__About this exercise__. Where a line in the records below includes "UnitIntervalPreserving", pull that line out.
↓
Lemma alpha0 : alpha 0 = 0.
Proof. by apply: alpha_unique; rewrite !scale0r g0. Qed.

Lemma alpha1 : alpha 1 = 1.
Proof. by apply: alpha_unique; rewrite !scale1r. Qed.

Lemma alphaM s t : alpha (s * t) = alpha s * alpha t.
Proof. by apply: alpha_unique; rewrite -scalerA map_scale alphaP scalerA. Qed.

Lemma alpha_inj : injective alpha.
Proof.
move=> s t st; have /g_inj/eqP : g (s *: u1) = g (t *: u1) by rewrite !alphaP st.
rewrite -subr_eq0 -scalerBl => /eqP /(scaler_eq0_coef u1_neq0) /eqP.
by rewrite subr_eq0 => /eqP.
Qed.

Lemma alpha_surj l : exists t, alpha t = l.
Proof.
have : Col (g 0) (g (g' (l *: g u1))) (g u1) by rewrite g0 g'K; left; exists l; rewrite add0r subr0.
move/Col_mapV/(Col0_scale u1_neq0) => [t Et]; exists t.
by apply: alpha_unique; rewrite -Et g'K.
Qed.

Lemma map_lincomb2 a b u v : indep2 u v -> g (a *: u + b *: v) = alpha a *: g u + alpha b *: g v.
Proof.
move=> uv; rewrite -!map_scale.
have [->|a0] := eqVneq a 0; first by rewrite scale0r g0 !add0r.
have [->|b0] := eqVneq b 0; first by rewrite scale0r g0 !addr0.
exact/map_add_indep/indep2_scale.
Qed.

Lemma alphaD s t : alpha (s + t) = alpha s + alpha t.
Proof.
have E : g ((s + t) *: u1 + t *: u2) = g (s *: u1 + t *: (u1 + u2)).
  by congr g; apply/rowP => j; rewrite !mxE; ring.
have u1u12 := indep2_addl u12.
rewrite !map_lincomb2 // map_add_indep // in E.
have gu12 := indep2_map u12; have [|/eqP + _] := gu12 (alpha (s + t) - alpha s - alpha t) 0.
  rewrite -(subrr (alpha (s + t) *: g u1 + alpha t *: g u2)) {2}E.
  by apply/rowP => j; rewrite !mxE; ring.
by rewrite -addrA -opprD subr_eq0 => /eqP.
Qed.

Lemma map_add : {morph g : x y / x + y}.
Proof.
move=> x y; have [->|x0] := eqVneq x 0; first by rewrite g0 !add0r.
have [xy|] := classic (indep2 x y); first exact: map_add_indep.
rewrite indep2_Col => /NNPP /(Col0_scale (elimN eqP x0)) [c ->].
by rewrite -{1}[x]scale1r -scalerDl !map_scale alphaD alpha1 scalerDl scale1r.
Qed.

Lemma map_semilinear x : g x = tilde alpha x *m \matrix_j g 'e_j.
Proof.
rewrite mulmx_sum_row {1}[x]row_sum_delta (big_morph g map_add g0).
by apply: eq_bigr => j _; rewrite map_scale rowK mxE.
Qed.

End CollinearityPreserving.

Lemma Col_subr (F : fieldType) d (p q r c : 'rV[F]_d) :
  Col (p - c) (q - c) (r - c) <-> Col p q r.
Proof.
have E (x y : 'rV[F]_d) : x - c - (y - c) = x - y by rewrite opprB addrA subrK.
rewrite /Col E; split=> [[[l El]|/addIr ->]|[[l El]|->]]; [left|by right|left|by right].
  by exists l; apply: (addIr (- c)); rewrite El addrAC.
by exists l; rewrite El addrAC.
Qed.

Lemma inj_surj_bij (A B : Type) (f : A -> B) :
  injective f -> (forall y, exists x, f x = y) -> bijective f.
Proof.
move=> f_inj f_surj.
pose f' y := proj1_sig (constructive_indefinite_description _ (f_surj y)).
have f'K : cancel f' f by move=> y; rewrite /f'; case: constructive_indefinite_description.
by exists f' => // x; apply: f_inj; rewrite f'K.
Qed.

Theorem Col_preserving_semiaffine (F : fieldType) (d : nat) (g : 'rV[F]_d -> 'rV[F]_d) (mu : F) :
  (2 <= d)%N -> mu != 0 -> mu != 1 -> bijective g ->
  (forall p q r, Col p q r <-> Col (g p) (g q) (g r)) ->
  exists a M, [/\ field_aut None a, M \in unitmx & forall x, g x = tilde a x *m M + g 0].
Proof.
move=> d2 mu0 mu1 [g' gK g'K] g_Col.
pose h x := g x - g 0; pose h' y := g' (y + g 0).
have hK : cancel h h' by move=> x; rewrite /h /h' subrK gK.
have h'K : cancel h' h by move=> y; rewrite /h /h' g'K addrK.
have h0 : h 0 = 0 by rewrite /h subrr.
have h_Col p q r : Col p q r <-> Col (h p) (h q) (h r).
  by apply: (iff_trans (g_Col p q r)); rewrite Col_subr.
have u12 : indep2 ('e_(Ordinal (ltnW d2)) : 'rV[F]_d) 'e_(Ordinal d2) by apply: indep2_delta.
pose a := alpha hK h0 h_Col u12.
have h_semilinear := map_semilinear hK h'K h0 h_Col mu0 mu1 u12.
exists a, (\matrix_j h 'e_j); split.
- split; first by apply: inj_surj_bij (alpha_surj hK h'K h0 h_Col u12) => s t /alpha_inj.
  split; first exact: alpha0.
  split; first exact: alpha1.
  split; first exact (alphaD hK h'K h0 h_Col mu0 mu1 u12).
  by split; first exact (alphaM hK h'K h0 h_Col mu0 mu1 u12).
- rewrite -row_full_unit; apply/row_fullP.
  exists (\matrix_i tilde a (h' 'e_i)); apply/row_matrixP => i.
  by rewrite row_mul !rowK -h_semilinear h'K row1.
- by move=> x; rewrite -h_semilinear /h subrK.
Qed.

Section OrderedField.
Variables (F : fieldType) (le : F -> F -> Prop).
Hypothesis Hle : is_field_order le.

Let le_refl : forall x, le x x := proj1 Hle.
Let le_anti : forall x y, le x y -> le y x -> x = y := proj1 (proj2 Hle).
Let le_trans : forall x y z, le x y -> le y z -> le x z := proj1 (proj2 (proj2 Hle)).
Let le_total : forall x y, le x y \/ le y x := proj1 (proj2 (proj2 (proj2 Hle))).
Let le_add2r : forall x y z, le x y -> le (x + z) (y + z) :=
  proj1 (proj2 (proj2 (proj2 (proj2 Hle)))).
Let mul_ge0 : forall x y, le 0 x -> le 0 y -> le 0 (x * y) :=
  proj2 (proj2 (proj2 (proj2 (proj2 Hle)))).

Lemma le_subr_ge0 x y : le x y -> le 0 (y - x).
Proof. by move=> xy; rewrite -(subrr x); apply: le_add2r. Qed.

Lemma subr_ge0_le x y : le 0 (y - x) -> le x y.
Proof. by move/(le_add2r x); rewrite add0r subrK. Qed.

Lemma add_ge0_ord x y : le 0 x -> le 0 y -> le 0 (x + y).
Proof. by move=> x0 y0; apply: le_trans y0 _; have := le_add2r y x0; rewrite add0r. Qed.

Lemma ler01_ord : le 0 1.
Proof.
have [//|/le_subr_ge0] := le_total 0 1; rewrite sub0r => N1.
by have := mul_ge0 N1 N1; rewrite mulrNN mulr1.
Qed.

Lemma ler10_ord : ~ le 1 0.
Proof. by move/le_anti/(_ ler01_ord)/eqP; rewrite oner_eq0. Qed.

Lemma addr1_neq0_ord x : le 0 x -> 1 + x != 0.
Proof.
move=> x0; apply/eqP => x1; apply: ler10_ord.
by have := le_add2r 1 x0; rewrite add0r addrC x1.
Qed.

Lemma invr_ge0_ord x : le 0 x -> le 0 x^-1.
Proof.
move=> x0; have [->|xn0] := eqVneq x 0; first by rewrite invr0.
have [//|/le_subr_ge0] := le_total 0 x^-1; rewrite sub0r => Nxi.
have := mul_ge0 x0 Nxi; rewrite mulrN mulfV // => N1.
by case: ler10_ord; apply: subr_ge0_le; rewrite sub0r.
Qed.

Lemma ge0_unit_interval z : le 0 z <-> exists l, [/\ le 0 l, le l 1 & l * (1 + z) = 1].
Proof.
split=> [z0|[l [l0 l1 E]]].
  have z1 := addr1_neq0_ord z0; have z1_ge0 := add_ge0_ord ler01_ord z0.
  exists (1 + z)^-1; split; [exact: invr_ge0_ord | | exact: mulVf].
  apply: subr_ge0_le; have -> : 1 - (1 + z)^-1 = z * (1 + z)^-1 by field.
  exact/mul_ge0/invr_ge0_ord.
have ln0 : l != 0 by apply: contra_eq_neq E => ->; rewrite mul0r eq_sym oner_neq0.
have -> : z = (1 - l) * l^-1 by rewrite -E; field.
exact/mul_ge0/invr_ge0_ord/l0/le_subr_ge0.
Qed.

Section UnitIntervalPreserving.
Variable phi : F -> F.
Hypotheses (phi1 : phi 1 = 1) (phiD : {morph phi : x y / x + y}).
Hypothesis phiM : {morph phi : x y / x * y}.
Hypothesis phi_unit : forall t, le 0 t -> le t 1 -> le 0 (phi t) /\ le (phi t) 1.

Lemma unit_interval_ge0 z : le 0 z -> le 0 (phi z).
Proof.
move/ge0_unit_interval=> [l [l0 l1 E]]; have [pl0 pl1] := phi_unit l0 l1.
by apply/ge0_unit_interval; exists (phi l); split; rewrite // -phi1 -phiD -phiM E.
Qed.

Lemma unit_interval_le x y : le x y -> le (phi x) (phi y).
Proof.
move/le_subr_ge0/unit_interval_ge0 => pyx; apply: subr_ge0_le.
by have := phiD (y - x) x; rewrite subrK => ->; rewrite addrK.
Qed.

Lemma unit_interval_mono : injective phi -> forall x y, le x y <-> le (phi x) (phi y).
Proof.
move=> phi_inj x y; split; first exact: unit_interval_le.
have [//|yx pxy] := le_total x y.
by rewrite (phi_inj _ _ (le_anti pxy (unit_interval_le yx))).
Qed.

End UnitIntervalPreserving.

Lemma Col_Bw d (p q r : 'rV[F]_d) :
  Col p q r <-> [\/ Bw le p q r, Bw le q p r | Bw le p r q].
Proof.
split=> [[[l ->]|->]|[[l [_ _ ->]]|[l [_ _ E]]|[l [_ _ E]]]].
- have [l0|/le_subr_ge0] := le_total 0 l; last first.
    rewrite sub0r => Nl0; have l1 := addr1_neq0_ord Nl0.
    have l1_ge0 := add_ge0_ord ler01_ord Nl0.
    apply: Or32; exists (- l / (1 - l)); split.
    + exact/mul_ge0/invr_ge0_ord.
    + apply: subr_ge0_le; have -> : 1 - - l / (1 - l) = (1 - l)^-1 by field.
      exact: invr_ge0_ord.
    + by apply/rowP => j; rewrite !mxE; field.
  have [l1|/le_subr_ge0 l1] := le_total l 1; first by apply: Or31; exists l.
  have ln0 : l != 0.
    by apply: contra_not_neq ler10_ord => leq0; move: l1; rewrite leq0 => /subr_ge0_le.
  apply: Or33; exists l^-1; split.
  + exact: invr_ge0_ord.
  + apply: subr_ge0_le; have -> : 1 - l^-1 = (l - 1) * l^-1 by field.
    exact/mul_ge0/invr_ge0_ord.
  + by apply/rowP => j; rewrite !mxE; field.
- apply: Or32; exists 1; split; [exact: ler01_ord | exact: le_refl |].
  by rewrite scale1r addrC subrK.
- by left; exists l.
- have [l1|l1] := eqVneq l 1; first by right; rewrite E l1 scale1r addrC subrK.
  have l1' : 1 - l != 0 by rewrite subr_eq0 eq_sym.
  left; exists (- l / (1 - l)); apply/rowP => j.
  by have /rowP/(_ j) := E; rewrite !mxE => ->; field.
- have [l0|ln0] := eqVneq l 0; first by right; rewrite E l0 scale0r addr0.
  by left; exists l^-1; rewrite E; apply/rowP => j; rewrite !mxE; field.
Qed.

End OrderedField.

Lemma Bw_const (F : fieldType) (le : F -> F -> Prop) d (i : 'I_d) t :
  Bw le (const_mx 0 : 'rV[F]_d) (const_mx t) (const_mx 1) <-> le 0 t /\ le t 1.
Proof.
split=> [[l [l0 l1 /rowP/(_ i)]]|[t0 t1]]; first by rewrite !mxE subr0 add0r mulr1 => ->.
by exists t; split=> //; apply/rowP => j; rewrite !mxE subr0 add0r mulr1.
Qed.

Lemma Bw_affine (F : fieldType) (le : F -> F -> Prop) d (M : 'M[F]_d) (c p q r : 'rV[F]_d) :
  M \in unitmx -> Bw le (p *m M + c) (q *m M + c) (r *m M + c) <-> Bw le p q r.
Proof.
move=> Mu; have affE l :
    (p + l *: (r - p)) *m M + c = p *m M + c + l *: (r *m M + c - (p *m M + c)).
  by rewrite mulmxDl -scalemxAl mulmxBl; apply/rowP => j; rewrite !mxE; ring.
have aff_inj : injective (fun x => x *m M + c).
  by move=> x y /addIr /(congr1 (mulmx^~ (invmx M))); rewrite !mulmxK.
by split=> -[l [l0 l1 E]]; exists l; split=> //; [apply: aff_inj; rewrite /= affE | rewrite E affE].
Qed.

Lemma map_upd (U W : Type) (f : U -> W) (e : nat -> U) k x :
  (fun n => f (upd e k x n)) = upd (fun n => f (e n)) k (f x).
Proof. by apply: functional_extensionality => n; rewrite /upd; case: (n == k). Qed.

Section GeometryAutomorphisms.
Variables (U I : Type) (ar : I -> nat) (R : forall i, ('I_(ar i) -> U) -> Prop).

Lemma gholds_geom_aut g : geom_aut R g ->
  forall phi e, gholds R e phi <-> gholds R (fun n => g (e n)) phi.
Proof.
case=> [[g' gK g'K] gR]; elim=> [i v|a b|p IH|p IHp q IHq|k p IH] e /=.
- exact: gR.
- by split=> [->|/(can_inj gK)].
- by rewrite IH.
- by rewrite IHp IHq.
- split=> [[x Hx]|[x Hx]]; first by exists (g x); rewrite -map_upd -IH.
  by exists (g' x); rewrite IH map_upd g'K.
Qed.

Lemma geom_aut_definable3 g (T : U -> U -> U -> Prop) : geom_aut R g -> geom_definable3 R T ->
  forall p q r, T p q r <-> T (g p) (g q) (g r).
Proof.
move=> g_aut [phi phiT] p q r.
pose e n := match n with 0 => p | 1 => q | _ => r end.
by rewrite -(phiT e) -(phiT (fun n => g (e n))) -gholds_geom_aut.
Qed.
↑
↓
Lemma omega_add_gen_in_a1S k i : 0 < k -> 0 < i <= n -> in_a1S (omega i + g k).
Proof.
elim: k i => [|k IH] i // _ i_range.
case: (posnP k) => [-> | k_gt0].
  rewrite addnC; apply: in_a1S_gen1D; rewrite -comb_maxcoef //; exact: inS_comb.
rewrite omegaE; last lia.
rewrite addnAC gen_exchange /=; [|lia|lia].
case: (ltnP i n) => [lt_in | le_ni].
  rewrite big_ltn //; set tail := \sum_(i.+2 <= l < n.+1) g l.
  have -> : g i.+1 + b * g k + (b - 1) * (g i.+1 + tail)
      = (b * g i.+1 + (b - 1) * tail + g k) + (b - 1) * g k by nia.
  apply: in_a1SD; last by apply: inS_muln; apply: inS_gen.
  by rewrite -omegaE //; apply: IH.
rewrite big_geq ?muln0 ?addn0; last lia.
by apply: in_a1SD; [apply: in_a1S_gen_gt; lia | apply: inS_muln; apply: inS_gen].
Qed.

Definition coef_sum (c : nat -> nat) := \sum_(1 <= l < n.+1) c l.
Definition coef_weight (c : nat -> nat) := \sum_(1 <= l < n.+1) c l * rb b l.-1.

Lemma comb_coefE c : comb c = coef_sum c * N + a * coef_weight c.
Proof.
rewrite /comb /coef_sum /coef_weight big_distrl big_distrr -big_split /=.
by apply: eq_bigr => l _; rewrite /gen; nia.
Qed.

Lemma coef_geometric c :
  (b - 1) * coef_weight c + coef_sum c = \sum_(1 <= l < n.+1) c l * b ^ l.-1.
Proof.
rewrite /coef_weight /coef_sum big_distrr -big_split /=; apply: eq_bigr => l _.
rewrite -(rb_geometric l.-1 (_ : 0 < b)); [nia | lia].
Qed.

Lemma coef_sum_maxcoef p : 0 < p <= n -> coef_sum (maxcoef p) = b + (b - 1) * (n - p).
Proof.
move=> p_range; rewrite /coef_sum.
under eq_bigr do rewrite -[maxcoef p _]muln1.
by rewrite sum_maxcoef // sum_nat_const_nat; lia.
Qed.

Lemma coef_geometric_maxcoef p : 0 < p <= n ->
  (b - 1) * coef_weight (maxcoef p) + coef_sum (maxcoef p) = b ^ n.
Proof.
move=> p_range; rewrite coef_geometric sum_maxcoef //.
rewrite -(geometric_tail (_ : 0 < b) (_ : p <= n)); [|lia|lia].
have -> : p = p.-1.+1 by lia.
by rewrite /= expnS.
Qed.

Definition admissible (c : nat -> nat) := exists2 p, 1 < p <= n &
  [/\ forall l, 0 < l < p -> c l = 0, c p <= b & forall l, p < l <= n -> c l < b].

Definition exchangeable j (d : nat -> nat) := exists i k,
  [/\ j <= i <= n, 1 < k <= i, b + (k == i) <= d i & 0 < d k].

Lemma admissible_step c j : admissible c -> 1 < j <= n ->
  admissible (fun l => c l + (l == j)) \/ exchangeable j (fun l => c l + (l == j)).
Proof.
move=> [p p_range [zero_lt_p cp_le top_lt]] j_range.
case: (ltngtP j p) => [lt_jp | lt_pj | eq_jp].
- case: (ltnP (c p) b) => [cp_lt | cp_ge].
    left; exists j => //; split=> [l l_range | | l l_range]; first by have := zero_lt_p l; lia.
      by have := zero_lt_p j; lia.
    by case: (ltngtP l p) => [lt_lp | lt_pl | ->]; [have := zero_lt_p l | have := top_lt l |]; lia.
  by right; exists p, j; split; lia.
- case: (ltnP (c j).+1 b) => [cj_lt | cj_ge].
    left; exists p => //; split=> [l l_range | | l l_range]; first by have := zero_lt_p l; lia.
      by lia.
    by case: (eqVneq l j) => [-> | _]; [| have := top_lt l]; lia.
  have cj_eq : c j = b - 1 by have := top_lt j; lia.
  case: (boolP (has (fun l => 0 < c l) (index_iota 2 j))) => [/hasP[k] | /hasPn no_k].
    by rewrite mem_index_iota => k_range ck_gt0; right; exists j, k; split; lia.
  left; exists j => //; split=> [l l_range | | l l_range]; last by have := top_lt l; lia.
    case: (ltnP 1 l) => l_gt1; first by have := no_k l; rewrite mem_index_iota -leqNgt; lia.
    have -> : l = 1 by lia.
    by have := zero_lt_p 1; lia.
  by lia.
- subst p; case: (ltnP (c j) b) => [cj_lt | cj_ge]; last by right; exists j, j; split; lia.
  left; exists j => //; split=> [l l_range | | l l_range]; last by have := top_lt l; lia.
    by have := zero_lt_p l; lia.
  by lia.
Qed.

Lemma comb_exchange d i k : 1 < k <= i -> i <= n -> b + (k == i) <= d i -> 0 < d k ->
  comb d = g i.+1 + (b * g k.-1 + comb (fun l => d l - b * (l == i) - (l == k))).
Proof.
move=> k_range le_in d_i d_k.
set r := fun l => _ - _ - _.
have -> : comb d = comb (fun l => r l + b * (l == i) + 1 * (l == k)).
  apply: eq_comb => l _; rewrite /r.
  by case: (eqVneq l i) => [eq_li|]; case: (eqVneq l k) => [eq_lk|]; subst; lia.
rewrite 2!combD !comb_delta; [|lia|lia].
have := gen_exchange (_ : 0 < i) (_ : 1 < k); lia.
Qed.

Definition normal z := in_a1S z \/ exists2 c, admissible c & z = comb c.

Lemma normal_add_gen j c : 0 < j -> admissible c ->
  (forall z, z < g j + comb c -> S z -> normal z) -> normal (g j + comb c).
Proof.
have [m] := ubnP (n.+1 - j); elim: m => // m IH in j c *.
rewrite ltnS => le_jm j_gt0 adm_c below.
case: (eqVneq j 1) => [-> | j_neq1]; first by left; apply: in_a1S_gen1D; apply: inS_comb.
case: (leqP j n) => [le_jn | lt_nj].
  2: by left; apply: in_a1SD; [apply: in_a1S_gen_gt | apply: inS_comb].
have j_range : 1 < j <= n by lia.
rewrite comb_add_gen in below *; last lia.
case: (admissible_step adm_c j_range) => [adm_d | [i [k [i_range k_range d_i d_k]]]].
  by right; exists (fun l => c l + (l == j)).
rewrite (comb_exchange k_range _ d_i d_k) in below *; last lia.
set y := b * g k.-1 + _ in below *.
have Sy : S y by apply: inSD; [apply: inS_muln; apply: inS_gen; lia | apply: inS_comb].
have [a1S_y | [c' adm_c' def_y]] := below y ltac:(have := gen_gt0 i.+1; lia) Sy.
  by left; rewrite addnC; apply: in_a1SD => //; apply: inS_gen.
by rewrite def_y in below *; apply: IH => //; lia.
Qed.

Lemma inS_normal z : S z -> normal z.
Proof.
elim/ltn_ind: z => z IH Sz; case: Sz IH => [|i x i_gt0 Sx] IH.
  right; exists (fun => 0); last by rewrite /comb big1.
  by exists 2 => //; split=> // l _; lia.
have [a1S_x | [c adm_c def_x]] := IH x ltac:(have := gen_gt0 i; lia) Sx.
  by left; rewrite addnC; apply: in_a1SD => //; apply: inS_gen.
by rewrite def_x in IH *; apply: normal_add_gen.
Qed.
↑
↓
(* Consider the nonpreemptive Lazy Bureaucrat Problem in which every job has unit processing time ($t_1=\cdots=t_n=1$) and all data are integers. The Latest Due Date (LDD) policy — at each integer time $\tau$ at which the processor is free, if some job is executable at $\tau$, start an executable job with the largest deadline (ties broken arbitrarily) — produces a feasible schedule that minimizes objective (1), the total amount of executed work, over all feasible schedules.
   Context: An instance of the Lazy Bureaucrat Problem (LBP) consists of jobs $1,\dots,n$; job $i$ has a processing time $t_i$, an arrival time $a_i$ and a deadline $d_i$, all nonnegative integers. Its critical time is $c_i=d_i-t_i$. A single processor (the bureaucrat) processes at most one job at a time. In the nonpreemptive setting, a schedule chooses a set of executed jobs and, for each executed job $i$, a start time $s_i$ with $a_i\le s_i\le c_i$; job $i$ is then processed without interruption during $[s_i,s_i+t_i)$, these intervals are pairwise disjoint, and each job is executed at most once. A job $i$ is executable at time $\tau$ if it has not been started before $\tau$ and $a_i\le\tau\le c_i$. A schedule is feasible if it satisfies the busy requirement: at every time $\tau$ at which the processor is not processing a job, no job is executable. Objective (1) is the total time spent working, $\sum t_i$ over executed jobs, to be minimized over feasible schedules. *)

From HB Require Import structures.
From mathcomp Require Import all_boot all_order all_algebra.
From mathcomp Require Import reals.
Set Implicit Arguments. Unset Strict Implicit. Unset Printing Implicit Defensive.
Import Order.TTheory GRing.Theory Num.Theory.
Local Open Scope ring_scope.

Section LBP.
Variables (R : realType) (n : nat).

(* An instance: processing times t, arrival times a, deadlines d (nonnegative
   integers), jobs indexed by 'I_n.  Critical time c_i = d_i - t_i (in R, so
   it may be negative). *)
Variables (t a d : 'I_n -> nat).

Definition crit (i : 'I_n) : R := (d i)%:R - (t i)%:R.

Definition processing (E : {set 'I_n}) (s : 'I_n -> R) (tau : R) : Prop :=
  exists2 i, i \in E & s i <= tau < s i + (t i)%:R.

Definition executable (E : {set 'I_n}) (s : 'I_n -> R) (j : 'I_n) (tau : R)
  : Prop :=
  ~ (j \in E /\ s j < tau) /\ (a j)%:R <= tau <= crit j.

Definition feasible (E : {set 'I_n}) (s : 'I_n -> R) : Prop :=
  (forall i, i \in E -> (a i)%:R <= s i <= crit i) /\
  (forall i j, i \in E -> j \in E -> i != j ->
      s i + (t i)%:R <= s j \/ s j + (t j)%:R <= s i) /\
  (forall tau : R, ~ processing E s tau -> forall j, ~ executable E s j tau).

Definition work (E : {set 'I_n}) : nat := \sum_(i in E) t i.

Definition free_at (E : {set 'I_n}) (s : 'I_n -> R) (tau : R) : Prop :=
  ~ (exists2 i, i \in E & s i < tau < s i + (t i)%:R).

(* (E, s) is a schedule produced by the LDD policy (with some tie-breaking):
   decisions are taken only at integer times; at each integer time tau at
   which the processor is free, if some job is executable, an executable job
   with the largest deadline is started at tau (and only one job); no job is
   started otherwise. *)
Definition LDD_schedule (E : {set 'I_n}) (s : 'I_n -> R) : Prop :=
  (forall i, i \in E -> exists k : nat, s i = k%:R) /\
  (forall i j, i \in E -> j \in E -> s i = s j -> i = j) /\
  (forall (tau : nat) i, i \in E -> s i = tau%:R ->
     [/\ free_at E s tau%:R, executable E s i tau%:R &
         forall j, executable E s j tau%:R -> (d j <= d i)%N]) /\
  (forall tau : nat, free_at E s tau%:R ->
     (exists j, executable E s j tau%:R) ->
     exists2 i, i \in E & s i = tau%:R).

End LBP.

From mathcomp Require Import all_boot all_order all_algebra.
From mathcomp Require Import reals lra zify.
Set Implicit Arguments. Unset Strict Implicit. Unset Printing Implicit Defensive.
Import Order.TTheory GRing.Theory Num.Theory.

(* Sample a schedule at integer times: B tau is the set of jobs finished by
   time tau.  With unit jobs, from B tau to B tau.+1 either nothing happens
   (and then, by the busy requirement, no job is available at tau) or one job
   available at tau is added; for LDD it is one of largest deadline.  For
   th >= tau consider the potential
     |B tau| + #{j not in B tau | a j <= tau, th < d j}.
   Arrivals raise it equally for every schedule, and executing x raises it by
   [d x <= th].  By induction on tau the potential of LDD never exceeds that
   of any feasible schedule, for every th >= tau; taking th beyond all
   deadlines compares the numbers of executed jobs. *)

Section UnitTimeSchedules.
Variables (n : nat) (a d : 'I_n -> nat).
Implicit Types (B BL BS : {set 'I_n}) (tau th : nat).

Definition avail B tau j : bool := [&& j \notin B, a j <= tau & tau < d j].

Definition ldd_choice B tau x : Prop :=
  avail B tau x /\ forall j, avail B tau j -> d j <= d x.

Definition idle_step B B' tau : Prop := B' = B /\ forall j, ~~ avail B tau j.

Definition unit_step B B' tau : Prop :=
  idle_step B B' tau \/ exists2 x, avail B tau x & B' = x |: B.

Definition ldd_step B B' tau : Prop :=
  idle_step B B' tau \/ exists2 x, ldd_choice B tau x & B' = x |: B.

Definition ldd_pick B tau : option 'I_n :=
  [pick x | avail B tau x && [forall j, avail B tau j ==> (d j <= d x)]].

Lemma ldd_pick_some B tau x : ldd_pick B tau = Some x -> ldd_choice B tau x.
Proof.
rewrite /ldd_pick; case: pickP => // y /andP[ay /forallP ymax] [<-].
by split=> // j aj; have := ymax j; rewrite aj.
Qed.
↑
__Expected output__.
Section UnitIntervalPreserving.
End UnitIntervalPreserving.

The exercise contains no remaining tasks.